On Jan 9, 2010, at 10:45 PM, Barrett, Brian W wrote:

> We should absolutely not change this. For simple applications, yes, things work if large blocks are allocated on the heap. However, ptmalloc (and most allocators, really), can't rationally cope with repeated allocations and deallocations of large blocks. It would be *really bad* (as we've seen before) to change the behavior of our version of ptmalloc from that which is provided by Linux. Pain and suffering is all that path has ever lead to.
>
> Just my $0.02, of course.
>
> Brian
>
> ________________________________________
> From: devel-bounces_at_[hidden] [devel-bounces_at_[hidden]] On Behalf Of Eugene Loh [Eugene.Loh_at_[hidden]]

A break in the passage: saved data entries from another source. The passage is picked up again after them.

(* For compatible systems one alternation between the two orders suffices for
   transitivity: every link between the two sides passes through a common event. *)
Definition glue (B1 B2 : sys E) : sys E :=
  Sys (fun e => s_ev B1 e \/ s_ev B2 e)
      (fun x y => s_le B1 x y \/ s_le B2 x y \/
                  (exists c, s_le B1 x c /\ s_le B2 c y) \/ (exists c, s_le B2 x c /\ s_le B1 c y)).

Lemma glue_comm B1 B2 : sys_eq (glue B1 B2) (glue B2 B1).
Proof. split; simpl; intros; tauto. Qed.

Lemma glue_le_comm B1 B2 x y : s_le (glue B1 B2) x y -> s_le (glue B2 B1) x y.
Proof. simpl; tauto. Qed.

Lemma glue_le_ev B1 B2 x y :
  is_sys B1 -> is_sys B2 -> s_le (glue B1 B2) x y -> s_ev (glue B1 B2) x /\ s_ev (glue B1 B2) y.
Proof.
  intros HB1 HB2; simpl.
  intros [H | [H | [[c [H H']] | [c [H H']]]]];
  repeat match goal with
  | H : s_le B1 _ _ |- _ => apply (sys_le_ev HB1) in H
  | H : s_le B2 _ _ |- _ => apply (sys_le_ev HB2) in H
  end; tauto.
Qed.

Lemma glue_fin_preds B1 B2 : is_sys B1 -> is_sys B2 -> fin_preds (s_le (glue B1 B2)).
Proof.
  intros HB1 HB2. pose proof (sys_fin_preds HB1). pose proof (sys_fin_preds HB2).
  repeat apply fin_preds_union; auto; apply fin_preds_comp; auto.
Qed.

Section OneSide.
Variables (K1 K2 : CH -> Prop) (B1 B2 : sys E).
Hypothesis HB : compatible K1 K2 B1 B2.

Lemma compatible_ev {x} : s_ev B2 x -> K1 (chan x) -> s_ev B1 x.
Proof.
  destruct HB as (_ & _ & _ & _ & Hev & _). intros Hx HK.
  apply (Hev x). simpl; auto.
Qed.

Lemma compatible_le {x y} : s_le B2 x y -> s_ev B1 x -> s_ev B1 y -> s_le B1 x y.
Proof.
  destruct HB as (_ & HB2 & On1 & _ & _ & Hle). intros Hxy Hx Hy.
  destruct (sys_le_ev HB2 Hxy). apply (Hle x y). simpl; auto.
Qed.

Lemma le_sandwich {a b c d} : s_le B1 a b -> s_le B2 b c -> s_le B1 c d -> s_le B1 a d.
Proof.
  destruct HB as (HB1 & _). intros Hab Hbc Hcd.
  destruct (sys_le_ev HB1 Hab), (sys_le_ev HB1 Hcd).
  eauto using sys_le_trans, compatible_le.
Qed.

Lemma glue_le_l x y : s_le (glue B1 B2) x y -> s_ev B1 x -> s_ev B1 y -> s_le B1 x y.
Proof.
  destruct HB as (HB1 & _). intros Hxy Hx Hy.
  destruct Hxy as [H | [H | [[c [H H']] | [c [H H']]]]].
  - exact H.
  - exact (compatible_le H Hx Hy).
  - destruct (sys_le_ev HB1 H). eauto using sys_le_trans, compatible_le.
  - destruct (sys_le_ev HB1 H'). eauto using sys_le_trans, compatible_le.
Qed.

Lemma glue_restrict_l (S : CH -> Prop) :
  (forall c, S c -> K1 c) -> sys_eq (restrict chan (glue B1 B2) S) (restrict chan B1 S).
Proof.
  destruct HB as (HB1 & HB2 & _). intros HS.
  assert (Hev : forall x, s_ev (glue B1 B2) x -> S (chan x) -> s_ev B1 x).
  { intros x [Hx | Hx] HSx; auto using compatible_ev. }
  split; simpl.
  - intros e; split; [intros [He HSe] | tauto]; auto.
  - intros x y; split; [intros [Hxy [HSx HSy]] | tauto].
    destruct (glue_le_ev HB1 HB2 Hxy). auto using glue_le_l.
Qed.
End OneSide.

Section BothSides.
Variables (K1 K2 : CH -> Prop) (B1 B2 : sys E).
Hypothesis HB : compatible K1 K2 B1 B2.

Lemma glue_le_r x y : s_le (glue B1 B2) x y -> s_ev B2 x -> s_ev B2 y -> s_le B2 x y.
Proof. intros Hxy. apply (glue_le_l (compatible_sym HB)), glue_le_comm, Hxy. Qed.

> Sent: Saturday, January 09, 2010 9:55 AM
> To: Open MPI Developers
> Subject: Re: [OMPI devel] MALLOC_MMAP_MAX (and MALLOC_MMAP_THRESHOLD)
>
> Jeff Squyres wrote:
>
> >I'm not sure I follow -- are you saying that Open MPI is disabling the large mmap allocations, and we shouldn't?
> >
> >
> Basically the reverse. The default (I think this means Linux, whether
> with gcc, gfortran, Sun f90, etc.) is to use mmap to malloc large
> allocations. We don't change this, but arguably we should.
>
> Try this:
>
> #include <stdlib.h>
> #include <stdio.h>
>
> int main(int argc, char **argv) {
> size_t size, nextsize;
> void *ptr, *nextptr;
>
> size = 1;
> ptr = malloc(size);
> while ( size < 1000000 ) {
> nextsize = 1.1 * size + 1;
> nextptr = malloc(nextsize);
> printf("%9ld %18lx %18lx %18lx\n", size, size, nextptr - ptr, ptr);
> size = nextsize;
> ptr = nextptr ;
> }
>
> return 0;
> }
>
> Here is sample output:
>
> # bytes #bytes (hex) #bytes ptr (hex)
> to next ptr
> (hex)
>
> 58279 e3a7 e3b0 58f870
> 64107 fa6b fa80 59dc20
> 70518 11376 11380 5ad6a0
> 77570 12f02 12f10 5bea20
> 85328 14d50 14d60 5d1930
> 93861 16ea5 16eb0 5e6690
> 103248 19350 19360 5fd540
> 113573 1bba5 1bbb0 6168a0
> 124931 1e803 2b3044655bc0 632450
> 137425 218d1 22000 2b3044c88010
> 151168 24e80 25000 2b3044caa010
> 166285 2898d 29000 2b3044ccf010
> 182914 2ca82 2d000 2b3044cf8010
> 201206 311f6 294000 2b3044d25010
> 221327 3608f 37000 2b3044fb9010
> 243460 3b704 3c000 2b3044ff0010
>
> So, below 128K allocations, pointers are allocated at successively
> higher addresses, each one just barely far enough to make room for the
> allocation. E.g., an allocation of 0xE3A7 will push the "high-water
> mark" up 0xE3B0 further.
>
> Beyond 128K allocations, allocations are page aligned. The pointers all
> end in 0x010. That is, whole numbers of pages are allocated and the
> returned address is 16 bytes (0x10) into the first page. The size of
> the allocations are the requested amount, plus a few bytes of padding,
> rounded up to the nearest whole page size multiple.
>
> The motivation to change, in my case, is performance. I don't know how
> widespread this problem is, but...
>
> >On Jan 8, 2010, at 9:25 AM, Sylvain Jeaugey wrote:
> >
> >
> >>On Thu, 7 Jan 2010, Eugene Loh wrote:
> >>
> >>>setenv MALLOC_MMAP_MAX_ 0
> >>>setenv MALLOC_TRIM_THRESHOLD_ -1
> >>>
> >>>
> >>But yes, this set of settings is the number one tweak on HPC code that I'm
> >>aware of.
> >>
> >>
> Wow! I might vote for "compiling with -O", but let's not pick nits here.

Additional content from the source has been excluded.